----- Task input
Lemma Cnorm2_cexp_sum a b : Cnorm2 (Cadd (cexp a) (cexp b)) <= 4.
Proof.
unfold Cnorm2, Cadd, cexp; simpl; pose proof (sin2_cos2 a); pose proof (sin2_cos2 b).
pose proof (pow2_ge_0 (cos a - cos b)); pose proof (pow2_ge_0 (sin a - sin b)).
unfold Rsqr in *; nra.
Qed.

Lemma Cconj_mul_self u : Cmul (Cconj u) u = (Cnorm2 u, 0).
Proof. destruct u; unfold Cconj, Cmul, Cnorm2; simpl; f_equal; ring. Qed.

Lemma csum_app f a b : csum f (a + b) = Cadd (csum f a) (csum (fun k => f (a + k)%nat) b).
Proof.
induction b as [|b IH]; simpl.
- rewrite Nat.add_0_r; apply C_eq; simpl; ring.
- rewrite Nat.add_succ_r; simpl; rewrite IH; ring.
Qed.

Lemma csum_scal z f n : csum (fun k => Cmul z (f k)) n = Cmul z (csum f n).
Proof.
induction n as [|n IH]; simpl; [|rewrite IH; ring].
apply C_eq; destruct z; unfold C0, Cmul; simpl; ring.
Qed.

Lemma csum_zero f n : (forall k, (k < n)%nat -> f k = C0) -> csum f n = C0.
Proof. intros H; induction n as [|n IH]; simpl; auto; rewrite IH, H by (auto; lia); ring. Qed.

Lemma csum_const a n : csum (fun _ => a) n = Cmul (INR n, 0) a.
Proof.
induction n as [|n IH]; simpl csum; rewrite ?IH, ?S_INR; apply C_eq;
  unfold Cmul, Cadd, C0; cbn [fst snd INR]; ring.
Qed.

Lemma csum_blocks f b m :
  csum f (b * m) = csum (fun l => csum (fun k => f (l * m + k)%nat) m) b.
Proof.
induction b as [|b IH]; [reflexivity|].
rewrite Nat.mul_succ_l, csum_app, IH; reflexivity.
Qed.

Lemma steer_cexp M x j : steer M x j = Cmul (/ sqrt (INR M), 0) (cexp (INR j * x)).
Proof. apply C_eq; unfold steer, cexp, Cmul; simpl; unfold Rdiv; ring. Qed.

Definition block_vec (m : nat) (th : R) (g : nat -> Defs.C) (j : nat) : Defs.C :=
  if (j <? 3 * m)%nat then Cmul (Cconj (g (j / m)%nat)) (cexp (INR j * th)) else C0.

Section BlockVector.
Variables (M m : nat) (th : R) (g : nat -> Defs.C).
Hypothesis Hm : (3 * m <= M)%nat.

Lemma cinner_block_vec (f : nat -> nat -> Defs.C) v :
  (forall l k, (l < 3)%nat -> (k < m)%nat ->
     Cmul (Cconj (Cmul (Cconj (g l)) (cexp (INR (l * m + k) * th)))) (v (l * m + k)%nat)
     = f l k) ->
  cinner M (block_vec m th g) v = csum (fun l => csum (f l) m) 3.
Proof.
intros Hf; unfold cinner.
replace M with (3 * m + (M - 3 * m))%nat by lia; rewrite csum_app, csum_blocks.
rewrite (csum_zero (fun k => Cmul (Cconj (block_vec m th g (3 * m + k))) (v (3 * m + k)%nat))).
2:{ intros k _; unfold block_vec.
    replace (3 * m + k <? 3 * m)%nat with false by (symmetry; apply Nat.ltb_ge; lia).
    apply C_eq; unfold Cconj, Cmul, C0; simpl; ring. }
replace (Cadd _ C0) with (csum (fun l => csum (fun k =>
  Cmul (Cconj (block_vec m th g (l * m + k))) (v (l * m + k)%nat)) m) 3) by ring.
apply csum_ext; intros l Hl; apply csum_ext; intros k Hk; rewrite <- Hf by auto.
unfold block_vec.
replace (l * m + k <? 3 * m)%nat with true by (symmetry; apply Nat.ltb_lt; nia).
rewrite Nat.div_add_l, Nat.div_small, Nat.add_0_r by lia; reflexivity.
Qed.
----------
### Task instructions:
The lines to return are those in the records above that hold the word "intros".

### Response to this task:
Proof. intros H; induction n as [|n IH]; simpl; auto; rewrite IH, H by (auto; lia); ring. Qed.
intros Hf; unfold cinner.
2:{ intros k _; unfold block_vec.
apply csum_ext; intros l Hl; apply csum_ext; intros k Hk; rewrite <- Hf by auto.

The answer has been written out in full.